Data supplied ::
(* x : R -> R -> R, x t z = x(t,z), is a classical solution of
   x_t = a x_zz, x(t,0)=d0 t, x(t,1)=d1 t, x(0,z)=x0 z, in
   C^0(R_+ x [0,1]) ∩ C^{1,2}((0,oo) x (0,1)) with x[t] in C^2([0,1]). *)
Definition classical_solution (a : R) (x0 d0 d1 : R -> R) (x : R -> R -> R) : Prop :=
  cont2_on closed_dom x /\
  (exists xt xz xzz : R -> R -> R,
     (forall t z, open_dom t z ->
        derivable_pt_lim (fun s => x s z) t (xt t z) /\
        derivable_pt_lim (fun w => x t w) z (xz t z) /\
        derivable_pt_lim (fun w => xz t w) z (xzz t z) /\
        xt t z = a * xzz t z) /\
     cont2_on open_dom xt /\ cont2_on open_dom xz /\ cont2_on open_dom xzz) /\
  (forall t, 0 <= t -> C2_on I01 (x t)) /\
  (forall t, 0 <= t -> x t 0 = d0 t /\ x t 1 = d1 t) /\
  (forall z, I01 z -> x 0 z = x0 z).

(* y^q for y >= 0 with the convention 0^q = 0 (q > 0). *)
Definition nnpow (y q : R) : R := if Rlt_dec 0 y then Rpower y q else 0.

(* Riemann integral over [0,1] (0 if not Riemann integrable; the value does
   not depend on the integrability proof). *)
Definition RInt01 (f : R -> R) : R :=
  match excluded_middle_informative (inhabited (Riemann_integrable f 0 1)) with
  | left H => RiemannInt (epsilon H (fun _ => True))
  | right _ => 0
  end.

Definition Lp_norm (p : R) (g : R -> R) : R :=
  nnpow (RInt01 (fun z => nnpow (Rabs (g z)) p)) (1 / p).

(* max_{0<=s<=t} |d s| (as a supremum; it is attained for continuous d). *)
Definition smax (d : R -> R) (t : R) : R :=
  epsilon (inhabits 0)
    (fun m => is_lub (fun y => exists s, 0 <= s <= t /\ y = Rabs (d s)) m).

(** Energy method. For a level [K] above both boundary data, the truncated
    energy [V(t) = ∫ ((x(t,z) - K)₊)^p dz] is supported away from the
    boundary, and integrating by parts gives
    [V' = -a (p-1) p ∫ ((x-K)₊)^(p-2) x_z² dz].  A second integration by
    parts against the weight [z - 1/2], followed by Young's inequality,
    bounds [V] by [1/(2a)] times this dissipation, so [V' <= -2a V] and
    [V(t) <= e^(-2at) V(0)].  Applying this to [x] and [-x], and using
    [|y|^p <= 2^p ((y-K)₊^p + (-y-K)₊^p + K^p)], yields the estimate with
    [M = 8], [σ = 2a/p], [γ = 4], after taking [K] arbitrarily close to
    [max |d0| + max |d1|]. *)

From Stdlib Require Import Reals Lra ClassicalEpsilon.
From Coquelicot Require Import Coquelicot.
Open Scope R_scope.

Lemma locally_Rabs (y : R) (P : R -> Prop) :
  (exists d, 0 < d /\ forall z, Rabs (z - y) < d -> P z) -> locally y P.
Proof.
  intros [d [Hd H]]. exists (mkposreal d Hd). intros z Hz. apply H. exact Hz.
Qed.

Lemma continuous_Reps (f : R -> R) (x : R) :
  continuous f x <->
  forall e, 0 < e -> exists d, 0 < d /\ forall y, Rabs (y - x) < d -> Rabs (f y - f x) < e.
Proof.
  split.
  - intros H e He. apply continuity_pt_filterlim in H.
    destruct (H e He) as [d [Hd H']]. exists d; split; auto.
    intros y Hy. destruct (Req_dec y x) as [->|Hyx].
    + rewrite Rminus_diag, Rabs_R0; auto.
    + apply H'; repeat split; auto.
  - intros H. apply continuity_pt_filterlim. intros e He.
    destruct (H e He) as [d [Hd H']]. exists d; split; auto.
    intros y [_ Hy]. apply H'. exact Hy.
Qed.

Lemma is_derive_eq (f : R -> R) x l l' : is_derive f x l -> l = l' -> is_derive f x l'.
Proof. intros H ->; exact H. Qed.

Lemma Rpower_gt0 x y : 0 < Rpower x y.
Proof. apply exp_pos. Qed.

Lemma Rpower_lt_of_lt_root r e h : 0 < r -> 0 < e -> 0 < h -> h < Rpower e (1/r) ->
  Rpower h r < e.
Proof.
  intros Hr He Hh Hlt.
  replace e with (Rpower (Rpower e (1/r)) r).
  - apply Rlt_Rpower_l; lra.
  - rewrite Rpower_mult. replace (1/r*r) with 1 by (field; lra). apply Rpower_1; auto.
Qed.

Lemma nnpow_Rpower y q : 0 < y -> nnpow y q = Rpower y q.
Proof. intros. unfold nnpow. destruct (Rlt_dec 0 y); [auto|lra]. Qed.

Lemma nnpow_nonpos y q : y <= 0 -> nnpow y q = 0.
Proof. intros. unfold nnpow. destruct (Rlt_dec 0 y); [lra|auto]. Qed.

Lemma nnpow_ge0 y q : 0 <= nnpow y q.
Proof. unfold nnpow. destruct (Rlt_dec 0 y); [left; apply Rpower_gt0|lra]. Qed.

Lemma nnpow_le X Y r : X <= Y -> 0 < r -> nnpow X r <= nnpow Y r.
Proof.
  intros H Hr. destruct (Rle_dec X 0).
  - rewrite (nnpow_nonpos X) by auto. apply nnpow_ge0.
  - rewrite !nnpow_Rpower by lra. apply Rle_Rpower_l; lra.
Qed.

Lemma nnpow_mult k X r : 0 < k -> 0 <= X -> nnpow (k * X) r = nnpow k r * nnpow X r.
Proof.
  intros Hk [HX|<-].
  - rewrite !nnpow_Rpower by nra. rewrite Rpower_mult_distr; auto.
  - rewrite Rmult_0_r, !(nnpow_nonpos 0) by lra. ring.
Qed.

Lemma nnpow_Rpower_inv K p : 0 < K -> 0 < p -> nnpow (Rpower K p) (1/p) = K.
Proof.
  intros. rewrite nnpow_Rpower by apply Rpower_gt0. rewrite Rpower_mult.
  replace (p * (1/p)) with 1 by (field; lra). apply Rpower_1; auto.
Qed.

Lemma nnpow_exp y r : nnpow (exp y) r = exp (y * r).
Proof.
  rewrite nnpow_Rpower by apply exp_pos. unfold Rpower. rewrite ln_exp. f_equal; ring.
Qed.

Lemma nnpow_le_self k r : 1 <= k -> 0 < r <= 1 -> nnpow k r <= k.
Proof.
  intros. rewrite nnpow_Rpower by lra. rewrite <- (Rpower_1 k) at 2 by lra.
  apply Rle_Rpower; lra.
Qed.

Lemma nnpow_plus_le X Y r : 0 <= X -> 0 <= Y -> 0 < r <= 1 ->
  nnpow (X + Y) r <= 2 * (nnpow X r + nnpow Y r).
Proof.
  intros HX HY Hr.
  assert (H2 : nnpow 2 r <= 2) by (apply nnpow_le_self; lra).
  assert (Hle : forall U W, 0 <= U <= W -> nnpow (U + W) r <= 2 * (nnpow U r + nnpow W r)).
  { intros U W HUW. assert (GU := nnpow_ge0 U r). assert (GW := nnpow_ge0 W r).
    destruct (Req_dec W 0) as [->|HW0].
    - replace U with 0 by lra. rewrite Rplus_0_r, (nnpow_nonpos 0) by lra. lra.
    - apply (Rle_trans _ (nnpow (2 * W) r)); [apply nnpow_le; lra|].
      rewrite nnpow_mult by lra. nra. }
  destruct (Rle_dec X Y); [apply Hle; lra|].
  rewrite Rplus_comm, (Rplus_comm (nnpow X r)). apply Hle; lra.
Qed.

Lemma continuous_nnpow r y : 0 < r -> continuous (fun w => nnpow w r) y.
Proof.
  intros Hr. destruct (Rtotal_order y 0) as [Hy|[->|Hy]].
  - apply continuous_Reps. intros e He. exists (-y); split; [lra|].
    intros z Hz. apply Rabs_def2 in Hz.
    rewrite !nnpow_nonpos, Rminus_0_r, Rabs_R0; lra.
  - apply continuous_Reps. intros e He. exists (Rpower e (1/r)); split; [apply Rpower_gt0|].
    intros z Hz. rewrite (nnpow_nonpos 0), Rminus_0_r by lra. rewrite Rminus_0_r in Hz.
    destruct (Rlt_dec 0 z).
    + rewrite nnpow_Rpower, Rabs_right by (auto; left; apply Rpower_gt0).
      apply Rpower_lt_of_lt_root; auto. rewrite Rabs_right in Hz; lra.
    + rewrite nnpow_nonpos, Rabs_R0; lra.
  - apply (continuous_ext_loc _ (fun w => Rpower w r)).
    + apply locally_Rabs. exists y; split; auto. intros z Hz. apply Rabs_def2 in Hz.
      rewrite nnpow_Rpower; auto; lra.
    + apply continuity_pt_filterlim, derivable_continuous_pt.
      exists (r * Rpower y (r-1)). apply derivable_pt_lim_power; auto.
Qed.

Assigned task :: Please return exactly the lines from the opening line of the data above through the line with "(exists xt xz", both included and nothing else.

Written solution ::
(* x : R -> R -> R, x t z = x(t,z), is a classical solution of
   x_t = a x_zz, x(t,0)=d0 t, x(t,1)=d1 t, x(0,z)=x0 z, in
   C^0(R_+ x [0,1]) ∩ C^{1,2}((0,oo) x (0,1)) with x[t] in C^2([0,1]). *)
Definition classical_solution (a : R) (x0 d0 d1 : R -> R) (x : R -> R -> R) : Prop :=
  cont2_on closed_dom x /\
  (exists xt xz xzz : R -> R -> R,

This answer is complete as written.